Hin und nicht zurück

Meine 13-jährige Tochter kam heute Mittag aus Frankreich von ihrem Schüleraustausch zurück. Die Jungs und ich haben sie vom Bahnhof abgeholt, in den Arm genommen und ihr gesagt, dass wir sehr froh sind, dass sie wieder da ist. Sie hat mich gedrückt und für einen Moment war sie wieder das kleine Mädchen, das froh ist, wieder bei seiner Mutter zu sein. Der Vierjährige hat sogar ihren Koffer getragen … gerollt.
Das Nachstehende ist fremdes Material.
(* Let $q$ be a complex number with $|q|<1$. Then \[ \sum_{n\geq 0} q^{2n} (q^{4n+4};q^4)_\infty (q;q)_{2n} = \frac{2(q^4;q^4)_\infty}{1+q}- \frac{(q;q)_\infty}{1+q}, \] and \[ (1+q) \sum_{n\geq 0} \frac{(-q^2;q^2)_n\, q^{2n+1}}{(q;q^2)_{n+1}} = \frac{(q^4;q^4)_\infty}{(q;q)_\infty}-1 . \]
   Context: For a complex number $a$ and $|q|<1$: $(a;q)_0=1$, $(a;q)_n=\prod_{j=0}^{n-1}(1-aq^j)$ for integers $n\ge 1$, and $(a;q)_\infty=\prod_{j=0}^{\infty}(1-aq^j)$. *)

From Stdlib Require Import Reals.
From Coquelicot Require Import Coquelicot.
Open Scope C_scope.

Fixpoint qpoch (a q : C) (n : nat) : C :=
  match n with O => 1 | S m => qpoch a q m * (1 - a * q ^ m) end.

(* infinite q-Pochhammer (a;q)_oo : the limit of the partial products
   (the limit exists for |q| < 1; C is a complete space) *)
Definition qpoch_inf (a q : C) : C :=
  @lim (C_CompleteNormedModule : CompleteSpace) (filtermap (qpoch a q) eventually).

From Stdlib Require Import Reals Lra Lia.
From Coquelicot Require Import Coquelicot.
Open Scope C_scope.

(* Both series telescope.  With T_n = (q^(4n+4);q^4)_oo = (1 - q^(4n+4)) T_(n+1)
   and c_n = (1 + q^(2n)) (q;q)_(2n) T_n, (1 + q) times the n-th term of the first
   series is c_n - c_(n+1); moreover c_0 = 2 (q^4;q^4)_oo and c_n -> (q;q)_oo.
   In the second series, (1 + q) times the n-th term is rho_(n+1) - rho_n with
   rho_n = (-q^2;q^2)_n / (q;q^2)_n, and (-q^2;q^2)_n (q;q)_(2n) = (q^4;q^4)_n (q;q^2)_n
   gives rho_n = (q^4;q^4)_n / (q;q)_(2n) -> (q^4;q^4)_oo / (q;q)_oo.
   Analytically, (a;r)_n converges because its increments are dominated by a
   geometric series, and its limit is nonzero for |a| < 1 because past some index
   the remaining factors 1 - a r^j have sum |a r^j| <= 1/2. *)

Section ComplexLimits.
Context {T : Type} {F : (T -> Prop) -> Prop} {FF : Filter F}.

Lemma filterlim_Cplus (u v : T -> C) (a b : C) :
  filterlim u F (locally a) -> filterlim v F (locally b) ->
  filterlim (fun x => u x + v x) F (locally (a + b)).
Proof.
  intros Hu Hv.
  exact (filterlim_comp_2 u v Cplus Hu Hv (filterlim_plus (K := C_AbsRing) a b)).
Qed.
Für zwei Minuten, dann war er zu schwer.

Zu Hause war auch gleich wieder alles beim Alten. Badezimmer blockiert, vom kleinen Bruder genervt, genervt, weil sie mit dem Hund raus sollte. Genervt, weil man sie daran erinnert hat, mit dem Hund rauszugehen. Wie Teenager eben so sind.

Zur gleichen Zeit hat eine andere Klasse den Rückweg von ihrem Spanisch-Austausch angetreten. 16 Teenager, die eine wahnsinnig aufregende Zeit hinter sich hatten und mit einem lachenden und einem weinenden Auge in das Flugzeug gestiegen sind. In Düsseldorf warteten Eltern, vielleicht auch Geschwister, und haben sich wie verrückt auf die Ankunft ihrer Kinder gefreut

Doch diese Eltern und Geschwister konnten ihre Kinder heute nicht in den Arm nehmen, und ihnen sagen, wie froh sie sind, sie wieder bei sich zu haben. Sie können sie nie wieder in den Arm nehmen.

Und während meine Tochter bis in den Abend fast ohne Punkt und Komma von Frankreich, ihrer Gastfamilie, der Schule und den Ausflügen geredet hat und jetzt erschöpft, aber glücklich in ihrem Bett liegt, sitzen andere Familien weinend an ihren Tischen und Betten bleiben leer.

Mir gehen solche Nachrichten wie die des Flugzeugabsturzes der Germanwings-Maschine heute Morgen sehr nahe. Vor allem, wenn Menschen betroffen sind, die die eigenen Kinder sein könnten. Ich will mir nicht ausmalen, was in ihren Köpfen vorgegangen ist, als sie realisiert haben, dass sie nicht heil ankommen werden.

Den Angehörigen gilt mein allertiefstes Mitgefühl in diesen schweren Stunden. Ich wünsche unfassbar übermenschliche Kraft zum Weitermachen. Irgendwie.

Und allen anderen (und auch mir): Seid dankbar und voller Freude, dass ihr eure Familien habt. Genießt jeden Tag. Lasst euch nicht von Belanglosigkeiten nerven und verabschiedet euch nie im Streit voneinander. Das Leben ist nur bedingt planbar.